*What the exercise asks*
Nothing is needed except the lines below that run from the one with "apply: (tot_isotropic_of_orthogonal (factor_basis_ext_free" through the one with "al *: tbasis", repeated exactly.

================

Lemma Pstar_andb (f g : {ptws T -> bool}) : Pstar le f -> Pstar le g ->
  Pstar le ((fun x => f x && g x) : {ptws T -> bool}).
Proof.
move=> [cf mf] [cg mg]; split=> [|x y lxy]; first exact: continuous_andb.
by apply/implyP => /andP[/(implyP (mf _ _ lxy)) -> /(implyP (mg _ _ lxy)) ->].
Qed.

Lemma Pstar_orb (f g : {ptws T -> bool}) : Pstar le f -> Pstar le g ->
  Pstar le ((fun x => f x || g x) : {ptws T -> bool}).
Proof.
move=> [cf mf] [cg mg]; split=> [|x y lxy]; first exact: continuous_orb.
apply/implyP => /orP[/(implyP (mf _ _ lxy)) -> //|/(implyP (mg _ _ lxy)) ->].
exact: orbT.
Qed.

Lemma Pstar_asbool (u : set T) : clopen u -> final_segment le u ->
  Pstar le ((fun x => `[< u x >]) : {ptws T -> bool}).
Proof.
move=> cu fu; split=> [|x y lxy]; first exact: continuous_asbool.
by apply/implyP => /asboolP ux; apply/asboolP; exact: fu ux lxy.
Qed.

Lemma Pstar_has (g : T -> {ptws T -> bool}) (s : seq T) :
  (forall t, Pstar le (g t)) ->
  Pstar le ((fun x => has (fun t => g t x) s) : {ptws T -> bool}).
Proof. by move=> Pg; elim: s => [|t s IHs]; [exact: Pstar_cst | exact: Pstar_orb]. Qed.

Lemma Pstar_all (g : T -> {ptws T -> bool}) (s : seq T) :
  (forall t, Pstar le (g t)) ->
  Pstar le ((fun x => all (fun t => g t x) s) : {ptws T -> bool}).
Proof. by move=> Pg; elim: s => [|t s IHs]; [exact: Pstar_cst | exact: Pstar_andb]. Qed.

Lemma two_separated_Pstar : two_separated le ->
  forall x y, ~ le x y -> exists2 f, Pstar le f & f x && ~~ f y.
Proof.
move=> [I [e [econt eiff]]] x y nxy.
have /existsNP [i /negP] : ~ (forall i, e x i ==> e y i) by move/eiff.
rewrite negb_imply => exy; exists (fun z => e z i) => //; split.
  by move=> z; have := continuous_comp (econt z) (ptws_continuous_eval i (e z)); exact.
by move=> z w /eiff.
Qed.

Section lattice_homomorphism.
Context {h : {ptws T -> bool} -> bool} (hom : lattice_hom_on le h).

Lemma lattice_hom_has (g : T -> {ptws T -> bool}) (s : seq T) :
  (forall t, Pstar le (g t)) ->
  h (fun x => has (fun t => g t x) s) = has (fun t => h (g t)) s.
Proof.
move=> Pg; case: hom => _ hor h0 _; elim: s => [|t s IHs] //=.
by rewrite hor ?IHs //; exact: Pstar_has.
Qed.

Lemma lattice_hom_all (g : T -> {ptws T -> bool}) (s : seq T) :
  (forall t, Pstar le (g t)) ->
  h (fun x => all (fun t => g t x) s) = all (fun t => h (g t)) s.
Proof.
move=> Pg; case: hom => hand _ _ h1; elim: s => [|t s IHs] //=.
by rewrite hand ?IHs //; exact: Pstar_all.
Qed.

End lattice_homomorphism.

End dual_space.

Definition clopen_final_separation {T : topologicalType} (le : T -> T -> Prop) : Prop :=
  forall B C : set T,
    closed B -> final_segment le B ->
    closed C -> initial_segment le C ->
    set_lt le C B ->
    exists u : set T,
      [/\ clopen u, final_segment le u, B `<=` u & C `&` u = set0].

Section bidual_cover.
Context {T : topologicalType} {le : T -> T -> Prop} {h : {ptws T -> bool} -> bool}.
Hypothesis hP : Pstarstar le h.

(* A compactness argument: [f] is the pointwise limit of the functions
   [f && (g t1 || ... || g tn)], all of which [h] sends to [false]. *)
Lemma Pstarstar_false_of_cover (f : {ptws T -> bool}) : Pstar le f ->
  (forall t, f t -> exists2 g, Pstar le g & ~~ h g && g t) -> ~~ h f.
Proof.
move=> Pf cover; have [[hand _ h0 _] hcont] := hP.
have gex t : exists g : {ptws T -> bool}, [/\ Pstar le g, ~~ h g & f t -> g t].
  have [ft|nft] := boolP (f t).
    by have [g Pg /andP[hg gt]] := cover t ft; exists g.
  by exists (fun=> false); split=> //; [exact: Pstar_cst | rewrite h0].
have [g gP] := choice gex.
have Pg t : Pstar le (g t) by case: (gP t).
pose phi s : {ptws T -> bool} := fun x => f x && has (fun t => g t x) s.
have Pphi s : Pstar le (phi s) by apply: Pstar_andb => //; exact: Pstar_has.
have phi_cvg : phi @ fin_supersets T --> (f : {ptws T -> bool}).
  apply/pointwise_cvgP => t; apply/discrete_cvg; rewrite nbhs_simpl.
  case ft: (f t); last by exists [::] => // s _; rewrite /phi /= ft.
  apply: filterS (fin_supersets_mem _ t) => s ts; rewrite /phi /= ft.
  by apply/hasP; exists t => //; case: (gP t) => _ _; apply.
have [s <-] := within_continuous_net_ex _ _ hcont Pf Pphi phi_cvg.
rewrite (hand f (fun x => has (fun t => g t x) s)) ?(lattice_hom_has hP.1 _ _ Pg) //;
  last exact: Pstar_has.
by rewrite negb_and; apply/orP; right; apply/hasPn => t _; case: (gP t).
Qed.
Lemma tot_isotropic5_of_twisted_sym (A : tens F) (lam : F) :
  mul (tgamma A) u = mul u A -> mul A A = lam *: tone F -> tTrd (mul u A) = 0 ->
  (forall k, A != k *: tone F) -> has_tot_isotropic_subspace (qform a1 b1 a2 b2 u) 5.
Proof.
move=> twist sqrA trd_uA A_nscal; pose w := tgamma A.
have uA_sym : tgamma (mul u A) = mul u A by rewrite tgamma_mul u_sym twist.
have orth_w y : y = tone F \/ tgamma y = - y -> bform a1 b1 a2 b2 u y w = 0.
  rewrite /bform tgammaK tmulA => -[-> | y_skew]; first by rewrite tmul1l.
  exact: trace_mul_skew_sym.
have orth_ww : bform a1 b1 a2 b2 u w w = 0.
  by rewrite /bform tgammaK twist tmulA sqrA tmulZr tmul1r tTrdZ u_trd mulr0.
have [r r_neq0 wr_neq0] : exists2 r, r != tidx0 & w r != 0.
  apply: not_scalar_coord => k; apply: contra (A_nscal k) => /eqP wk.
  by rewrite -[A]tgammaK -/w wk tgammaZ tgamma1.
have cor := tcofactor_neq0 r_neq0.
apply: (tot_isotropic_of_orthogonal (factor_basis_ext_free cor wr_neq0)) => i j.
rewrite /factor_basis_ext; case: ifP => _; case: ifP => _.
- exact/bform_factor_basis/tsym_trace0_support.
- exact/orth_w/tfactor_unit_or_skew.
- by rewrite bform_sym //; apply/orth_w/tfactor_unit_or_skew.
- exact: orth_ww.
Qed.

End SymmetricTraceZero.

Section PureTensor.
Variables (F : fieldType) (a b c d : F).

Definition i_tensor (al be : F) : tens F :=
  al *: tbasis F ((true, false), (true, false))
  + be *: tbasis F ((true, false), (false, true)).

Lemma tgamma_i_tensor al be : tgamma (i_tensor al be) = i_tensor al be.
Proof.
by rewrite tgammaD !tgammaZ !tgamma_tbasis /tsign /qsign /= mulrNN mulr1 !scale1r.
Qed.

Lemma i_tensor_sqr al be :
  tmul a b c d (i_tensor al be) (i_tensor al be)
  = (al ^+ 2 * (a * c) + be ^+ 2 * (a * d)) *: tone F.
Proof.
rewrite !(tmulDl, tmulDr, tmulZl, tmulZr) !tmul_basis /tcoef /qcoef /=.
apply/ffunP => r; rewrite !(ffun_addE, ffun_scaleE) !tbasisE.
by set e := (r == _)%:R; set e' := (r == _)%:R; ring.
Qed.

Lemma i_tensor_neq_scalar al be k : (al, be) != (0, 0) -> i_tensor al be != k *: tone F.
Proof.
apply: contraNneq => /ffunP eq_scal; rewrite xpair_eqE.
have := eq_scal ((true, false), (true, false)).
have := eq_scal ((true, false), (false, true)).
rewrite !(ffun_addE, ffun_scaleE) !tbasisE !toneE /= !(mulr0, mulr1, addr0, add0r).
by move=> -> ->; rewrite eqxx.
Qed.

End PureTensor.

Theorem lemma4p3 (F : fieldType) (char_not2 : (2%:R : F) != 0)
  (a1 b1 a2 b2 a3 b3 a4 b4 : F)
  (ha1 : a1 != 0) (hb1 : b1 != 0) (ha2 : a2 != 0) (hb2 : b2 != 0)
  (ha3 : a3 != 0) (hb3 : b3 != 0) (ha4 : a4 != 0) (hb4 : b4 != 0)
  (u v : tens F)
  (huv : tmul a1 b1 a2 b2 u v = tone F) (hvu : tmul a1 b1 a2 b2 v u = tone F)
  (hu_sym : tgamma u = u) (hu_trd : tTrd u = 0)
  (phi : tens F -> tens F)
  (phi_lin : forall (k : F) (x y : tens F), phi (k *: x + y) = k *: phi x + phi y)
  (phi_bij : bijective phi)
  (phi_one : phi (tone F) = tone F)
  (phi_mul : forall x y : tens F,
      phi (tmul a3 b3 a4 b4 x y) = tmul a1 b1 a2 b2 (phi x) (phi y))
  (phi_inv : forall x : tens F,
      phi (tgamma x) = tmul a1 b1 a2 b2 (tmul a1 b1 a2 b2 v (tgamma (phi x))) u) :
  has_tot_isotropic_subspace (qform a1 b1 a2 b2 u) 5.
Proof.
(* The a_i, b_i need not be nonzero: only the multiplication tables are used. *)
have phiZ : scalable phi := scalable_linear phi_lin.
pose trd_u X := tTrd (tmul a1 b1 a2 b2 u (phi X)).
have [al [be [albe_neq0 albe_ker]]] := exists_nonzero_kernel2
  (trd_u (tbasis F ((true, false), (true, false))))
  (trd_u (tbasis F ((true, false), (false, true)))).
pose X := i_tensor al be; pose A := phi X.
apply: (tot_isotropic5_of_twisted_sym char_not2 hu_sym hu_trd (A := A)).
- have := phi_inv X; rewrite tgamma_i_tensor -/A => A_eq.
  by rewrite [in RHS]A_eq -!tmulA huv tmul1l.
- by rewrite -phi_mul i_tensor_sqr phiZ phi_one.
- rewrite /A /X /i_tensor phi_lin !phiZ tmulDr !tmulZr tTrdD !tTrdZ; exact: albe_ker.
- move=> k; apply: contra (i_tensor_neq_scalar k albe_neq0) => /eqP A_scal.
  by apply/eqP/(bij_inj phi_bij); rewrite phiZ phi_one -A_scal.
Qed.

================

*Solution to this task*
apply: (tot_isotropic_of_orthogonal (factor_basis_ext_free cor wr_neq0)) => i j.
rewrite /factor_basis_ext; case: ifP => _; case: ifP => _.
- exact/bform_factor_basis/tsym_trace0_support.
- exact/orth_w/tfactor_unit_or_skew.
- by rewrite bform_sym //; apply/orth_w/tfactor_unit_or_skew.
- exact: orth_ww.
Qed.

End SymmetricTraceZero.

Section PureTensor.
Variables (F : fieldType) (a b c d : F).

Definition i_tensor (al be : F) : tens F :=
  al *: tbasis F ((true, false), (true, false))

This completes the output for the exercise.